**RECORD EXTRACTS**
Lemma simple_solving_ext_exists : exists (dn : Order.disp_t)
  (Bn : ctbDistrLatticeType dn) (Dn : Bn -> Prop) (h : Bm -> Bn),
  simple_solving_ext Dm a Dn h.
Proof.
pose j := @cembed _ (FreeExt a).
exists _, (Completion (FreeExt a)), (gen_filter (ext_gens Dm (fembed a) (fgen a) j)).
exists (emb (fembed a) j), _, (FreeExt a), (fembed a), (fgen a), j; split => //.
- split; [exact: fembed_hom|exact: fgen_rel|exact: free_ext_generated|].
  exact: free_ext_universal.
- split; [exact: completion_complete|exact: cembed_hom|exact: cembed_inj|].
  exact: cembed_dense.
Qed.

Lemma simple_solving_ext_unique {dn dn' : Order.disp_t}
  (Bn : ctbDistrLatticeType dn) (Bn' : ctbDistrLatticeType dn')
  (Dn : Bn -> Prop) (Dn' : Bn' -> Prop) (h : Bm -> Bn) (h' : Bm -> Bn') :
  simple_solving_ext Dm a Dn h -> simple_solving_ext Dm a Dn' h' ->
  exists iso : Bn -> Bn', [/\ ba_hom iso, bijective iso,
    (forall x, iso (h x) = h' x) & (forall x, Dn x <-> Dn' (iso x))].
Proof.
move=> [d0 [B0 [e [y [j [[he hrel hgen huniv] [cn hj ij dj] Eh HDn]]]]]]
  [d0' [B0' [e' [y' [j' [[he' hrel' hgen' huniv'] [cn' hj' ij' dj'] Eh' HDn']]]]]].
have [k [k' [hk kK k'K ke ky]]] :=
  presentation_iso he he' hrel hrel' huniv huniv' hgen hgen'.
have dnY : dense (j' \o k).
  move=> x /dj' [q [Hq0 Hq]]; exists (k' q); split; last by rewrite /= k'K.
  by move=> E; apply: Hq0; rewrite -(k'K q) E (hom0 hk).
have [f [hf [finv f1 f2] fj]] := completion_iso hj (hom_comp hk hj') ij
  (inj_comp ij' (can_inj kK)) dj dnY cn cn'.
have fh x : f (h x) = h' x by rewrite Eh fj /= ke Eh'.
exists f; split => //; first by exists finv.
move=> x; rewrite HDn HDn'; apply: gen_filter_map => //; first exact: can_inj f1.
- move=> w [[v [Hv ->]]|[s ->]]; first by left; exists v; rewrite fh.
  by right; exists s; rewrite fj /= ky.
- move=> w [[v [Hv ->]]|[s ->]]; first by exists (h v); split; [left; exists v|].
  by exists (j (y s)); split; [right; exists s|rewrite fj /= ky].
Qed.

**AIM OF THE TASK**
The stretch of entries above that starts with the line containing "exact: cembed_dense." and goes on through the line containing "(inj_comp ij' (can_inj kK)) dj dnY cn cn'." is to be transcribed exactly, and no other line is to be transcribed.

**OUTPUT FOR THIS TASK**
  exact: cembed_dense.
Qed.

Lemma simple_solving_ext_unique {dn dn' : Order.disp_t}
  (Bn : ctbDistrLatticeType dn) (Bn' : ctbDistrLatticeType dn')
  (Dn : Bn -> Prop) (Dn' : Bn' -> Prop) (h : Bm -> Bn) (h' : Bm -> Bn') :
  simple_solving_ext Dm a Dn h -> simple_solving_ext Dm a Dn' h' ->
  exists iso : Bn -> Bn', [/\ ba_hom iso, bijective iso,
    (forall x, iso (h x) = h' x) & (forall x, Dn x <-> Dn' (iso x))].
Proof.
move=> [d0 [B0 [e [y [j [[he hrel hgen huniv] [cn hj ij dj] Eh HDn]]]]]]
  [d0' [B0' [e' [y' [j' [[he' hrel' hgen' huniv'] [cn' hj' ij' dj'] Eh' HDn']]]]]].
have [k [k' [hk kK k'K ke ky]]] :=
  presentation_iso he he' hrel hrel' huniv huniv' hgen hgen'.
have dnY : dense (j' \o k).
  move=> x /dj' [q [Hq0 Hq]]; exists (k' q); split; last by rewrite /= k'K.
  by move=> E; apply: Hq0; rewrite -(k'K q) E (hom0 hk).
have [f [hf [finv f1 f2] fj]] := completion_iso hj (hom_comp hk hj') ij
  (inj_comp ij' (can_inj kK)) dj dnY cn cn'.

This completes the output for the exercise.